One of them was the cleanup of the Market Street neighborhood in Philadelphia, where I lived and had my printshop. I successfully organized my neighboring shop owners to band together and pay for street sweeping services, so that not only their places of business, but also their homes, would be free of the dust that always came in from the nearby farmers market. So you see, a proper cleanup was something I took very seriously.
Secretive radioactive Waste Isolation project goes public.
I have just heard, however, that there is now another type of cleanup that is even more serious. This will be happening in the southwestern part of our country, I’m told. One of my acquaintances, who happened to live for some time in those frontier lands of New Mexico (a little after my time, they were still frontier; I understand that they are a bit more developed now), has reported that there is a problem with something called radioactive waste, which has begun leaking underground. (You can read more about the story at http://news.yahoo.com/13-were-exposed-radiation-mexico-plant-104539935.html)
Even though I achieved great fame as a scientist, I must confess I do not know much about this thing called radioactivity – except that it is something very dangerous to human beings, with the potential to cause great sickness and even death.
The background, Ben?
Since this country, I have learned, produces a great deal of radioactive waste as an everyday part of life (from hospitals, businesses, nuclear power plants), there is a need to dispose of it in a safe way. More than a dozen years ago, a plan was put into place to truck all this highly dangerous waste to an isolated place in New Mexico, near the Carlsbad Caverns, and hide it there indefinitely.
The project – knowledge of which was pretty much limited to the New Mexico area, as the result of public officials and news media from elsewhere thinking it was just an unimportant local story – was kept under wraps for some time. True, there were a number of public outcries in New Mexico, some from the native American people through whose towns the waste would have to travel. But, on the whole, nobody east of New Mexico had ever heard of this “Waste Isolation Pilot Project,” or WIPP, as it was called.

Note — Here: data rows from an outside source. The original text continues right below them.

(* Let ${\mathsf K},{\mathsf N}\ge1$, $t\in\{0,\ldots,{\mathsf K}-1\}$, and $\mathbb{D}\in\mathbb{F}_2^{{\mathsf K}\times{\mathsf N}}$ with rows $\mathbf y_1,\ldots,\mathbf y_{\mathsf K}$. Let $\mathcal L\subseteq[{\mathsf K}]$ satisfy $|\mathcal L|=\mathrm{rank}_2(\mathbb{D}_{\mathcal L})=\mathrm{rank}_2(\mathbb{D})$, let $\mathcal A\subseteq[{\mathsf K}]\setminus\mathcal L$ with $|\mathcal A|=t+1$, and set $\mathcal B=\mathcal L\cup\mathcal A$. Let $\mathcal W\subseteq\mathcal B$ with $|\mathcal W|=t$ and $i\in[{\mathsf N}]$. Then the number of users $k\in\mathcal B\setminus\mathcal W$ satisfying both $\mathrm{rank}_2(\mathbb{D}_{\mathcal B\setminus(\mathcal W\cup\{k\})})=|\mathcal L|$ and $y_{k,i}\neq0$ is even. Equivalently: in the sum $\bigoplus_{\mathcal V\in\mathscr V_{\mathcal B}}W_{\mathcal B\setminus\mathcal V}$, the number of multicast messages $W_{\mathcal B\setminus\mathcal V}$ (with $\mathcal V\in\mathscr V_{\mathcal B}$) that contain the subfile $F_{i,\mathcal W}$ with nonzero coefficient is even.
   Context: $\mathbb{D}_{\mathcal S}$ denotes the submatrix of $\mathbb{D}$ formed by the rows with indices in $\mathcal S$. Subfiles: for $i\in[{\mathsf N}]$ and $\mathcal W\subseteq[{\mathsf K}]$ with $|\mathcal W|=t$, $F_{i,\mathcal W}$ is a vector over $\mathbb{F}_2$ (all of a common length). Blocks: $B_{k,\mathcal W}=\sum_{n\in[{\mathsf N}]}y_{k,n}F_{n,\mathcal W}$. Multicast messages: for $\mathcal S\subseteq[{\mathsf K}]$ with $|\mathcal S|=t+1$, $W_{\mathcal S}=\bigoplus_{k\in\mathcal S}B_{k,\mathcal S\setminus\{k\}}$ (sum over $\mathbb{F}_2$). For $\mathcal B\subseteq[{\mathsf K}]$, $\mathscr V_{\mathcal B}$ is the family of subsets $\mathcal V\subseteq\mathcal B$ with $|\mathcal V|=|\mathcal L|$ and $\mathrm{rank}_2(\mathbb{D}_{\mathcal V})=|\mathcal L|$. Note that for $\mathcal V\in\mathscr V_{\mathcal B}$, $|\mathcal B\setminus\mathcal V|=t+1$, and $F_{i,\mathcal W}$ appears in $W_{\mathcal B\setminus\mathcal V}$ with coefficient $y_{k,i}$ exactly when $\mathcal B\setminus\mathcal V=\mathcal W\cup\{k\}$. *)

From HB Require Import structures.
From mathcomp Require Import all_boot all_order all_algebra.
Set Implicit Arguments. Unset Strict Implicit. Unset Printing Implicit Defensive.
Import GRing.Theory.
Local Open Scope ring_scope.

Definition rows_of (R : Type) (K N : nat) (D : 'M[R]_(K, N)) (S : {set 'I_K})
  : 'M[R]_(#|S|, N) :=
  rowsub (fun j : 'I_#|S| => @enum_val _ (pred_of_set S) j) D.

From HB Require Import structures.
From mathcomp Require Import all_boot all_order all_algebra.
Set Implicit Arguments. Unset Strict Implicit. Unset Printing Implicit Defensive.
Import GRing.Theory.
Local Open Scope ring_scope.

(* Set U := B :\: W, a set of #|L| + 1 rows inside a matrix of rank #|L|, so D_U
   has a nonzero linear dependency c supported on U.  If D_U has rank #|L|, that
   dependency is unique up to scaling, and removing row k keeps the rank exactly
   when c_k != 0.  The users counted are thus those k with c_k y_{k,i} != 0, and
   over F_2 their number is the value of (c *m D)_i = 0 modulo 2. *)

Section RowSelection.
Variables (F : fieldType) (K : nat).

Definition supported_on (S : {set 'I_K}) (v : 'rV[F]_K) :=
  forall x, x \notin S -> v 0 x = 0.

Definition rowsel (S : {set 'I_K}) : 'M[F]_(#|S|, K) :=
  rowsub (fun j : 'I_#|S| => @enum_val _ (pred_of_set S) j) 1%:M.

Lemma rows_ofE N (D : 'M[F]_(K, N)) (S : {set 'I_K}) : rows_of D S = rowsel S *m D.
Proof. exact: rowsubE. Qed.

Lemma mul_rowsel_coef (S : {set 'I_K}) (w : 'rV_#|S|) (x : 'I_K) :
  (w *m rowsel S) 0 x = \sum_(j | enum_val j == x) w 0 j.
Proof.
rewrite mxE [RHS]big_mkcond; apply: eq_bigr => j _.
by rewrite !mxE; case: eqP; rewrite ?mulr1 ?mulr0.
Qed.

Lemma supported_rowsel (S : {set 'I_K}) (w : 'rV_#|S|) : supported_on S (w *m rowsel S).
Proof.
move=> x Sx; rewrite mul_rowsel_coef big_pred0 // => j.
by apply: contraNF Sx => /eqP <-; apply: enum_valP.
Qed.

Lemma mul_rowsel_enum_val (S : {set 'I_K}) (w : 'rV_#|S|) (j : 'I_#|S|) : (w *m rowsel S) 0 (enum_val j) = w 0 j.
Proof.
rewrite mul_rowsel_coef (big_pred1 j) // => j'.
by apply/eqP/eqP => [/enum_val_inj | ->].
Qed.

Lemma row_free_rowsel (S : {set 'I_K}) : row_free (rowsel S).
Proof.
apply: inj_row_free => w w0; apply/rowP => j.
by rewrite -mul_rowsel_enum_val w0 !mxE.
Qed.

Lemma supported_onE (S : {set 'I_K}) (v : 'rV[F]_K) :
  supported_on S v -> v = (\row_j v 0 (enum_val j)) *m rowsel S.
Proof.
move=> suppv; apply/rowP => x; have [Sx | nSx] := boolP (x \in S).
  by rewrite -(enum_rankK_in Sx Sx) mul_rowsel_enum_val mxE.
by rewrite suppv // supported_rowsel.
Qed.

End RowSelection.

Arguments rowsel {F K}.

Section RowsOf.
Variables (F : fieldType) (K N : nat) (D : 'M[F]_(K, N)).

Lemma row_sub_rows_of (S : {set 'I_K}) x : x \in S -> (row x D <= rows_of D S)%MS.
Proof. by move=> Sx; rewrite -(enum_rankK_in Sx Sx) -row_rowsub row_sub. Qed.

Lemma rows_ofS (S T : {set 'I_K}) : S \subset T -> (rows_of D S <= rows_of D T)%MS.
Proof.
move=> ST; apply/row_subP => j; rewrite row_rowsub.
by apply: row_sub_rows_of; apply: (subsetP ST); apply: enum_valP.
Qed.

Lemma rank_rows_of_le (S : {set 'I_K}) : (\rank (rows_of D S) <= \rank D)%N.
Proof. exact/mxrankS/rowsub_sub. Qed.

Lemma rank_rows_of_ltP (S : {set 'I_K}) :
  reflect (exists v : 'rV_K, [/\ v != 0, v *m D = 0 & supported_on S v])
          (\rank (rows_of D S) < #|S|)%N.
Proof.
rewrite ltn_neqAle rank_leq_row andbT; apply: (iffP idP) => [notfree | [v [vnz vD suppv]]].
  have /rowV0Pn[w wker wnz] : kermx (rows_of D S) != 0.
    by rewrite -mxrank_eq0 mxrank_ker subn_eq0 -ltnNge ltn_neqAle notfree rank_leq_row.
  exists (w *m rowsel S); split; last exact: supported_rowsel.
    by rewrite mulmx_free_eq0 ?row_free_rowsel.
  by apply/eqP; rewrite -mulmxA -rows_ofE -sub_kermx.
apply: contra vnz => free; rewrite (supported_onE suppv) mulmx_free_eq0 ?row_free_rowsel //.
by rewrite -(mulmx_free_eq0 _ free) rows_ofE mulmxA -supported_onE // vD.
Qed.

Lemma row_sub_rows_of_setD1 (S : {set 'I_K}) (c : 'rV_K) k :
  c *m D = 0 -> supported_on S c -> c 0 k != 0 -> (row k D <= rows_of D (S :\ k))%MS.
Proof.
move=> cD suppc ck.
have rowkE : row k D = - (c 0 k)^-1 *: \sum_(y | y != k) c 0 y *: row y D.
  move: cD; rewrite mulmx_sum_row (bigD1 k) //= => /eqP; rewrite addr_eq0 => /eqP.
  by move/(congr1 ( *:%R (c 0 k)^-1)); rewrite scalerA mulVf // scale1r scalerN -scaleNr.
rewrite rowkE scalemx_sub // summx_sub // => y yk.
have [Sy | nSy] := boolP (y \in S); last by rewrite suppc // scale0r sub0mx.
by rewrite scalemx_sub // row_sub_rows_of // !inE yk.
Qed.

Lemma rank_rows_of_setD1 (S : {set 'I_K}) (c : 'rV_K) k :
  c != 0 -> c *m D = 0 -> supported_on S c ->
  (\rank (rows_of D (S :\ k)) == #|S :\ k|) =
  (c 0 k != 0) && (\rank (rows_of D S) == #|S :\ k|).
Proof.
move=> cnz cD suppc; have [ck0 | ck] := eqVneq (c 0 k) 0.
  apply/negbTE; rewrite neq_ltn; apply/orP; left; apply/rank_rows_of_ltP.
  by exists c; split=> // x; rewrite !inE negb_and negbK => /orP[/eqP-> | /suppc].
rewrite (@eqmx_rank _ _ _ _ (rows_of D (S :\ k)) (rows_of D S)) //.
rewrite rows_ofS ?subD1set //=; apply/row_subP => j; rewrite row_rowsub.
have [-> | jk] := eqVneq (enum_val j) k; first exact: row_sub_rows_of_setD1 cD suppc ck.
by rewrite row_sub_rows_of // !inE jk enum_valP.
Qed.

End RowsOf.

Lemma F2_natr_neq0 (x : 'F_2) : x = (x != 0)%:R.
Proof. by case: x => [[|[|m]] lt2] //; apply: val_inj. Qed.

Lemma F2_sum_mul_eq0_even (I : finType) (a b : I -> 'F_2) :
  \sum_k a k * b k = 0 -> ~~ odd #|[set k | (a k != 0) && (b k != 0)]|.
Proof.
under eq_bigr => k _ do rewrite [a k * b k]F2_natr_neq0 mulf_eq0 negb_or mulrb.
rewrite -big_mkcond sumr_const -dvdn2 /= => cnt0.
by rewrite cardsE (dvdn_pcharf (pchar_Fp (isT : prime 2))) cnt0.
Qed.

Theorem lemma1 (K N t : nat) (HK : (1 <= K)%N) (HN : (1 <= N)%N) (Ht : (t < K)%N)
  (D : 'M['F_2]_(K, N)) (L A W : {set 'I_K}) (i : 'I_N) :
  #|L| = \rank (rows_of D L) ->
  \rank (rows_of D L) = \rank D ->
  A \subset ~: L ->
  #|A| = t.+1 ->
  W \subset (L :|: A) ->
  #|W| = t ->
  ~~ odd #|[set k in (L :|: A) :\: W |
             (\rank (rows_of D ((L :|: A) :\: (W :|: [set k]))) == #|L|)
             && (D k i != 0)]|.
Proof.
move=> rL rD AL cA WB cW; set U := (L :|: A) :\: W.
have cU : #|U| = #|L|.+1.
  rewrite cardsDS // cW; move: (leq_card_setU L A).2; rewrite disjoint_sym disjoints_subset AL.
  by move/eqP->; rewrite cA addnS subSn ?leq_addl // addnK.
have [c [cnz cD suppc]] : exists c : 'rV_K, [/\ c != 0, c *m D = 0 & supported_on U c].
  apply/rank_rows_of_ltP; apply: leq_ltn_trans (rank_rows_of_le D U) _.
  by rewrite -rD -rL cU.
rewrite (_ : [set k in U | _] = if \rank (rows_of D U) == #|L|
           then [set k | (c 0 k != 0) && (D k i != 0)] else set0).
  case: ifP => _; last by rewrite cards0.
  by apply: F2_sum_mul_eq0_even; move/matrixP: cD => /(_ 0 i); rewrite !mxE.
apply/setP => k; rewrite in_set -setDDl -/U.
have [kU | nkU] := boolP (k \in U); last by case: ifP; rewrite ?inE ?suppc ?eqxx.
have cUk : #|U :\ k| = #|L| by move: cU; rewrite (cardsD1 k) kU => -[].
by rewrite -cUk (rank_rows_of_setD1 k cnz cD suppc); case: ifP; rewrite ?inE ?andbT ?andbF.
Qed.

Now, however, there are reports in the news that some of the specially designed waste containers are suspected to have developed leaks, because thirteen workers who were above ground the night of the leak have tested positive for radiation.
Bigger than Three Mile Island?
As a newspaperman, I smell a major scoop. This could be one of the biggest stories of the year, much like that Three Mile Island disaster that I understand happened about 35 years ago.
With the presence now of this thing you call “the internet,” I suspect that a story like this could go “viral,” revealing the entire controversial coverup that has occurred over these many years. Why was there never widespread knowledge of this project, before this? And what dangers are we not being told about?
There could be some interesting news developing around this coverup!